Task instructions
Only certain lines below are wanted: those starting at the line containing "(fun x => if x.2 then src" and ending at the line containing "else (src x", both included, each retyped exactly.

Exercise data START

(* Let $G$ be a finite graph with a fixed orientation of each edge, and let $p\colon \widehat G\to G$ be its oriented edge double with involution $\sigma\colon\widehat G\to\widehat G$. Let $E_1,E_{-1}\subseteq H_1(\widehat G;\mathbb{R})$ be the eigenspaces of $\sigma_*$ for the eigenvalues $1$ and $-1$. Then $H_1(\widehat G;\mathbb{R})=E_1\oplus E_{-1}$, the map $p_*\colon H_1(\widehat G;\mathbb{R})\to H_1(G;\mathbb{R})$ restricts to an isomorphism $E_1\to H_1(G;\mathbb{R})$, and $\ker(p_* )=E_{-1}$, which is isomorphic to the space $C_1(G;\mathbb{R})$ of simplicial $1$-chains of $G$.
   Context: The oriented edge double of $G$ is the graph $\widehat G$ together with a map $p\colon\widehat G\to G$ that is a bijection on vertices and such that for each oriented edge $e$ of $G$ there are exactly two oriented edges $e_+,e_-$ of $\widehat G$ over it, with $p(e_+)=e$ and $p(e_-)=\overline e$ (here $\overline e$ denotes $e$ with reversed orientation). The involution $\sigma\colon\widehat G\to\widehat G$ is defined by $e_+\mapsto \overline{e_-}$ and $e_-\mapsto\overline{e_+}$; it satisfies $p\circ\sigma=p$. *)

From HB Require Import structures.
From mathcomp Require Import all_boot all_order all_algebra.
Set Implicit Arguments. Unset Strict Implicit. Unset Printing Implicit Defensive.
Import GRing.Theory Num.Theory.
Local Open Scope ring_scope.

Record graph := Graph {
  gV : finType;
  gE : finType;
  src : gE -> gV;
  tgt : gE -> gV }.

Definition C1 (R : fieldType) (G : graph) := {ffun gE G -> R^o}.
Definition C0 (R : fieldType) (G : graph) := {ffun gV G -> R^o}.

Definition boundary (R : fieldType) (G : graph) : 'Hom(C1 R G, C0 R G) :=
  linfun (fun c : C1 R G =>
    [ffun v => \sum_(e | tgt e == v) c e - \sum_(e | src e == v) c e] : C0 R G).

(* H_1(G;R) = ker of the boundary (a graph has no 2-cells). *)
Definition H1 (R : fieldType) (G : graph) : {vspace C1 R G} :=
  lker (boundary R G).

(* A graph morphism sending vertices to vertices and edges to edges:
   [mor_s x = true] means the fixed orientation of x is sent to the fixed
   orientation of [mor_e x], [false] means to its reverse. *)
Record gmorph (G H : graph) := GMorph {
  mor_v : gV G -> gV H;
  mor_e : gE G -> gE H;
  mor_s : gE G -> bool;
  mor_compat : forall x,
    if mor_s x then mor_v (src x) = src (mor_e x) /\ mor_v (tgt x) = tgt (mor_e x)
    else mor_v (src x) = tgt (mor_e x) /\ mor_v (tgt x) = src (mor_e x) }.

Definition chain_map (R : fieldType) (G H : graph) (f : gmorph G H)
  : 'Hom(C1 R G, C1 R H) :=
  linfun (fun c : C1 R G =>
    [ffun y => \sum_(x | mor_e f x == y)
                 (if mor_s f x then c x else - c x)] : C1 R H).

(* The oriented edge double: same vertices; over each edge e of G two edges
   (e,true) = e_+ oriented src e -> tgt e, and (e,false) = e_- oriented
   tgt e -> src e (so p(e_+) = e and p(e_-) = reverse of e). *)
Definition edge_double (G : graph) : graph :=
  @Graph (gV G) (gE G * bool)%type
    (fun x => if x.2 then src x.1 else tgt x.1)
    (fun x => if x.2 then tgt x.1 else src x.1).

Lemma edge_double_p_compat (G : graph) (x : gE (edge_double G)) :
  if x.2 then (src x : gV (edge_double G)) = src x.1 /\
               (tgt x : gV (edge_double G)) = tgt x.1
  else (src x : gV (edge_double G)) = tgt x.1 /\
       (tgt x : gV (edge_double G)) = src x.1.
Proof. by case: x => e []. Qed.

Definition edge_double_p (G : graph) : gmorph (edge_double G) G :=
  @GMorph (edge_double G) G id (fun x => x.1) (fun x => x.2)
    (@edge_double_p_compat G).

Lemma edge_double_sigma_compat (G : graph) (x : gE (edge_double G)) :
  (src x : gV (edge_double G)) = tgt ((x.1, ~~ x.2) : gE (edge_double G)) /\
  (tgt x : gV (edge_double G)) = src ((x.1, ~~ x.2) : gE (edge_double G)).
Proof. by case: x => e []. Qed.

Definition edge_double_sigma (G : graph) : gmorph (edge_double G) (edge_double G) :=
  @GMorph (edge_double G) (edge_double G) id (fun x => (x.1, ~~ x.2))
    (fun _ => false) (@edge_double_sigma_compat G).

(* A 1-chain c on the edge double is a pair of coefficients c(e,+), c(e,-)
   per edge e of G; p_* sends it to e |-> c(e,+) - c(e,-) and sigma_* to
   (e,b) |-> -c(e,~b).  The boundary of the double factors through p_*, so
   H_1 of the double is the preimage of H_1(G): it is sigma_*-stable and, 2
   being invertible, splits into the eigenspaces of the involution sigma_*.
   The kernel of p_* is exactly the (-1)-eigenspace (c(e,+) = c(e,-)), the
   image of the diagonal embedding of C_1(G), and lies inside H_1; a cycle z
   of G lifts to the sigma_*-invariant cycle (z/2, -z/2). *)

From HB Require Import structures.
From mathcomp Require Import all_boot all_order all_algebra.
Set Implicit Arguments. Unset Strict Implicit. Unset Printing Implicit Defensive.
Import GRing.Theory Num.Theory.
Local Open Scope ring_scope.

Section LinearInvolution.

Variables (K : fieldType) (V : vectType K) (s : 'End(V)).
Implicit Types (f : 'End(V)) (U : {vspace V}).

Lemma memv_leigenspace f a v : (v \in passmx.leigenspace f a) = (f v == a *: v).
Proof.
by rewrite memv_ker add_lfunE opp_lfunE scale_lfunE id_lfunE subr_eq0.
Qed.

Hypothesis two_neq0 : (2%:R : K) != 0.

Lemma capv_leigenspace1N1 :
  (passmx.leigenspace s 1 :&: passmx.leigenspace s (-1))%VS = 0%VS.
Proof.
apply/vspaceP => v; rewrite memv_cap !memv_leigenspace scale1r scaleN1r memv0.
apply/idP/eqP => [/andP[/eqP-> /eqP/eqP] | ->]; last by rewrite linear0 oppr0 eqxx.
by rewrite -addr_eq0 -mulr2n -scaler_nat scaler_eq0 (negbTE two_neq0) => /eqP.
Qed.

Lemma directv_leigenspace1N1 U :
  directv (U :&: passmx.leigenspace s 1 + U :&: passmx.leigenspace s (-1)).
Proof.
apply/directv_addP/eqP; rewrite -subv0 -capv_leigenspace1N1.
by apply: capvS; apply: capvSr.
Qed.

Hypothesis sK : involutive s.

Lemma addv_leigenspace1N1 U : (s @: U <= U)%VS ->
  (U :&: passmx.leigenspace s 1 + U :&: passmx.leigenspace s (-1))%VS = U.
Proof.
move=> sU; apply/eqP; rewrite eqEsubv subv_add !capvSl /=.
apply/subvP => u Uu; have sUu : s u \in U by rewrite (subvP sU) ?memv_img.
have -> : u = 2%:R^-1 *: (u + s u) + 2%:R^-1 *: (u - s u).
  by rewrite -scalerDr addrACA subrr addr0 -mulr2n -scaler_nat scalerA mulVf ?scale1r.
(* Restated so that the images are syntactically [s _], which [sK] can rewrite. *)
have sZ a v : s (a *: v) = a *: s v by exact: linearZ.
have sD v w : s (v + w) = s v + s w by exact: linearD.
have sB v w : s (v - w) = s v - s w by exact: linearB.
apply: memv_add; rewrite memv_cap memv_leigenspace memvZ ?memvD ?memvN //=.
  by rewrite sZ sD sK addrC scale1r.
by rewrite sZ sB sK -opprB scalerN scaleN1r.
Qed.

End LinearInvolution.

Section Chains.

Variable R : fieldType.

Definition boundary_fun (G : graph) (c : C1 R G) : C0 R G :=
  [ffun v => \sum_(e | tgt e == v) c e - \sum_(e | src e == v) c e].

Fact boundary_fun_is_linear G : linear (@boundary_fun G).
Proof.
move=> a u v; apply/ffunP => x.
have auvE e : (a *: u + v) e = a *: u e + v e by rewrite !ffunE.
rewrite !ffunE !(eq_bigr _ (fun e _ => auvE e)) !big_split /=.
by rewrite -!scaler_sumr scalerBr addrACA opprD.
Qed.

HB.instance Definition _ G :=
  GRing.isLinear.Build R (C1 R G) (C0 R G) _ (@boundary_fun G)
    (@boundary_fun_is_linear G).

Lemma boundaryE G c v :
  boundary R G c v = \sum_(e | tgt e == v) c e - \sum_(e | src e == v) c e.
Proof. by rewrite /boundary (lfunE (@boundary_fun G)) ffunE. Qed.

Definition chain_map_fun G H (f : gmorph G H) (c : C1 R G) : C1 R H :=
  [ffun y => \sum_(x | mor_e f x == y) (if mor_s f x then c x else - c x)].

Fact chain_map_fun_is_linear G H f : linear (@chain_map_fun G H f).
Proof.
move=> a u v; apply/ffunP => y; rewrite !ffunE scaler_sumr -big_split /=.
by apply: eq_bigr => x _; case: (mor_s f x); rewrite !ffunE // scalerN opprD.
Qed.

HB.instance Definition _ G H f :=
  GRing.isLinear.Build R (C1 R G) (C1 R H) _ (@chain_map_fun G H f)
    (@chain_map_fun_is_linear G H f).

Lemma chain_mapE G H (f : gmorph G H) c y :
  chain_map R f c y =
  \sum_(x | mor_e f x == y) (if mor_s f x then c x else - c x).
Proof. by rewrite /chain_map (lfunE (@chain_map_fun G H f)) ffunE. Qed.

End Chains.

Section EdgeDouble.

Variables (R : fieldType) (G : graph).
Implicit Types (a : C1 R G) (c : C1 R (edge_double G)).

Local Notation Gh := (edge_double G).
Local Notation p_ := (chain_map R (edge_double_p G)).
Local Notation s_ := (chain_map R (edge_double_sigma G)).

Lemma sum_edge_double (M : zmodType) (F : gE Gh -> M) :
  \sum_x F x = \sum_e (F (e, true) + F (e, false)).
Proof.
rewrite (eq_bigr (fun x => F (x.1, x.2))) => [|[]//].
by rewrite -(pair_bigA _ (fun e b => F (e, b))); apply: eq_bigr => e _; rewrite big_bool.
Qed.

Lemma edge_double_pE c e : p_ c e = c (e, true) - c (e, false).
Proof.
rewrite chain_mapE big_mkcond sum_edge_double /= (bigD1 e) //= eqxx.
by rewrite big1 ?addr0 // => e' /negbTE->; rewrite addr0.
Qed.

Lemma edge_double_sigmaE c e b : s_ c (e, b) = - c (e, ~~ b).
Proof.
rewrite chain_mapE (big_pred1 (e, ~~ b)) // => -[e' b'] /=.
by rewrite !xpair_eqE; case: b b' => -[].
Qed.

Lemma boundary_edge_double c : boundary R Gh c = boundary R G (p_ c).
Proof.
apply/ffunP => v; rewrite boundaryE [RHS]boundaryE.
rewrite !(big_mkcond (fun e : gE Gh => _ == v)) !(big_mkcond (fun e : gE G => _ == v)) /=.
rewrite !sum_edge_double -!sumrB; apply: eq_bigr => e _; rewrite !edge_double_pE /=.
by case: (tgt e == v); case: (src e == v); rewrite ?addr0 ?add0r ?subr0 ?sub0r ?subrr ?opprB.
Qed.

Lemma memv_H1_edge_double c : (c \in H1 R Gh) = (p_ c \in H1 R G).
Proof. by rewrite !memv_ker boundary_edge_double. Qed.

Lemma edge_double_sigmaK : involutive s_.
Proof. by move=> c; apply/ffunP => -[e b]; rewrite !edge_double_sigmaE negbK opprK. Qed.

Lemma edge_double_p_sigma c : p_ (s_ c) = p_ c.
Proof. by apply/ffunP => e; rewrite !edge_double_pE !edge_double_sigmaE opprK addrC. Qed.

Lemma limg_edge_double_p_H1 : (p_ @: H1 R Gh <= H1 R G)%VS.
Proof. by apply/subvP => _ /memv_imgP[c + ->]; rewrite memv_H1_edge_double. Qed.

Lemma limg_edge_double_sigma_H1 : (s_ @: H1 R Gh <= H1 R Gh)%VS.
Proof.
by apply/subvP => _ /memv_imgP[c + ->]; rewrite !memv_H1_edge_double edge_double_p_sigma.
Qed.

Lemma lker_edge_double_p : lker p_ = passmx.leigenspace s_ (-1).
Proof.
apply/vspaceP => c; rewrite memv_ker memv_leigenspace scaleN1r.
apply/eqP/eqP => [pc0 | sc].
  apply/ffunP => -[e b]; have /eqP := congr1 (fun a => a e) pc0.
  by rewrite edge_double_sigmaE !ffunE edge_double_pE subr_eq0 => /eqP; case: b => ->.
apply/ffunP => e; have := congr1 (fun c' => c' (e, true)) sc.
by rewrite edge_double_sigmaE ffunE edge_double_pE => /oppr_inj->; rewrite subrr ffunE.
Qed.

Lemma lker_edge_double_p_H1 : (lker p_ <= H1 R Gh)%VS.
Proof. by apply/subvP => c; rewrite memv_H1_edge_double !memv_ker => /eqP->; rewrite linear0. Qed.

Definition edge_double_diag a : C1 R Gh := [ffun x => a x.1].

Fact edge_double_diag_is_linear : linear edge_double_diag.
Proof. by move=> k a a'; apply/ffunP => x; rewrite !ffunE. Qed.

HB.instance Definition _ :=
  GRing.isLinear.Build R (C1 R G) (C1 R Gh) _ edge_double_diag
    edge_double_diag_is_linear.

Lemma lker_edge_double_diag : lker (linfun edge_double_diag) = 0%VS.
Proof.
apply/vspaceP => a; rewrite memv_ker memv0 lfunE /=.
apply/eqP/eqP => [da0 | ->]; last by rewrite linear0.
by apply/ffunP => e; have := congr1 (fun c => c (e, true)) da0; rewrite !ffunE.
Qed.

Lemma limg_edge_double_diag : limg (linfun edge_double_diag) = lker p_.
Proof.
apply/vspaceP => c; apply/memv_imgP/idP => [[a _ ->] | ].
  by rewrite memv_ker lfunE; apply/eqP/ffunP => e; rewrite edge_double_pE !ffunE subrr.
rewrite memv_ker => /eqP pc0; exists [ffun e => c (e, true)]; first exact: memvf.
rewrite lfunE; apply/ffunP => -[e b]; rewrite !ffunE; case: b => //=.
by have /eqP := congr1 (fun a => a e) pc0; rewrite edge_double_pE ffunE subr_eq0 => /eqP.
Qed.

Hypothesis two_neq0 : (2%:R : R) != 0.

Definition edge_double_lift a : C1 R Gh :=
  [ffun x => if x.2 then a x.1 / 2%:R else - (a x.1 / 2%:R)].

Lemma edge_double_liftK a : p_ (edge_double_lift a) = a.
Proof.
have halves (x : R) : x / 2%:R + x / 2%:R = x.
  by rewrite -mulrDl -mulr2n -(mulr_natr x) mulfK.
by apply/ffunP => e; rewrite edge_double_pE !ffunE /= opprK halves.
Qed.

Lemma edge_double_sigma_lift a : s_ (edge_double_lift a) = edge_double_lift a.
Proof. by apply/ffunP => -[e b]; rewrite edge_double_sigmaE !ffunE; case: b; rewrite ?opprK. Qed.

Lemma limg_edge_double_p_E1 :
  (p_ @: (H1 R Gh :&: passmx.leigenspace s_ 1))%VS = H1 R G.
Proof.
apply/eqP; rewrite eqEsubv (subv_trans (limgS _ (capvSl _ _)) limg_edge_double_p_H1) /=.
apply/subvP => a Ha; rewrite -[a]edge_double_liftK memv_img //.
rewrite memv_cap memv_H1_edge_double edge_double_liftK Ha memv_leigenspace.
by rewrite scale1r edge_double_sigma_lift eqxx.
Qed.

End EdgeDouble.

Theorem lemma2p3 (R : realFieldType) (G : graph) :
  let Gh := edge_double G in
  let p_ := chain_map R (edge_double_p G) in
  let s_ := chain_map R (edge_double_sigma G) in
  let E1 := (H1 R Gh :&: passmx.leigenspace s_ 1)%VS in
  let Em1 := (H1 R Gh :&: passmx.leigenspace s_ (-1))%VS in
  [/\ (E1 + Em1)%VS = H1 R Gh /\ directv (E1 + Em1),
      (p_ @: H1 R Gh <= H1 R G)%VS,
      (p_ @: E1)%VS = H1 R G /\ (E1 :&: lker p_)%VS = 0%VS,
      (H1 R Gh :&: lker p_)%VS = Em1
    & exists f : 'Hom(C1 R G, C1 R Gh), lker f = 0%VS /\ limg f = Em1].
Proof.
move=> Gh p_ s_ E1 Em1.
have two_neq0 : (2%:R : R) != 0 by rewrite pnatr_eq0.
have kerE : (H1 R Gh :&: lker p_)%VS = Em1 by rewrite lker_edge_double_p.
split.
- split; last exact: directv_leigenspace1N1.
  exact/addv_leigenspace1N1/limg_edge_double_sigma_H1/edge_double_sigmaK.
- exact: limg_edge_double_p_H1.
- split; first exact: limg_edge_double_p_E1.
  apply/eqP; rewrite -subv0 -(capv_leigenspace1N1 s_ two_neq0) lker_edge_double_p.
  exact/capvS/subvv/capvSr.
- exact: kerE.
- exists (linfun (@edge_double_diag R G)); split; first exact: lker_edge_double_diag.
  by rewrite -kerE limg_edge_double_diag; apply/esym/capv_idPr/lker_edge_double_p_H1.
Qed.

Exercise data END

Result below
    (fun x => if x.2 then src x.1 else tgt x.1)
    (fun x => if x.2 then tgt x.1 else src x.1).

Lemma edge_double_p_compat (G : graph) (x : gE (edge_double G)) :
  if x.2 then (src x : gV (edge_double G)) = src x.1 /\
               (tgt x : gV (edge_double G)) = tgt x.1
  else (src x : gV (edge_double G)) = tgt x.1 /\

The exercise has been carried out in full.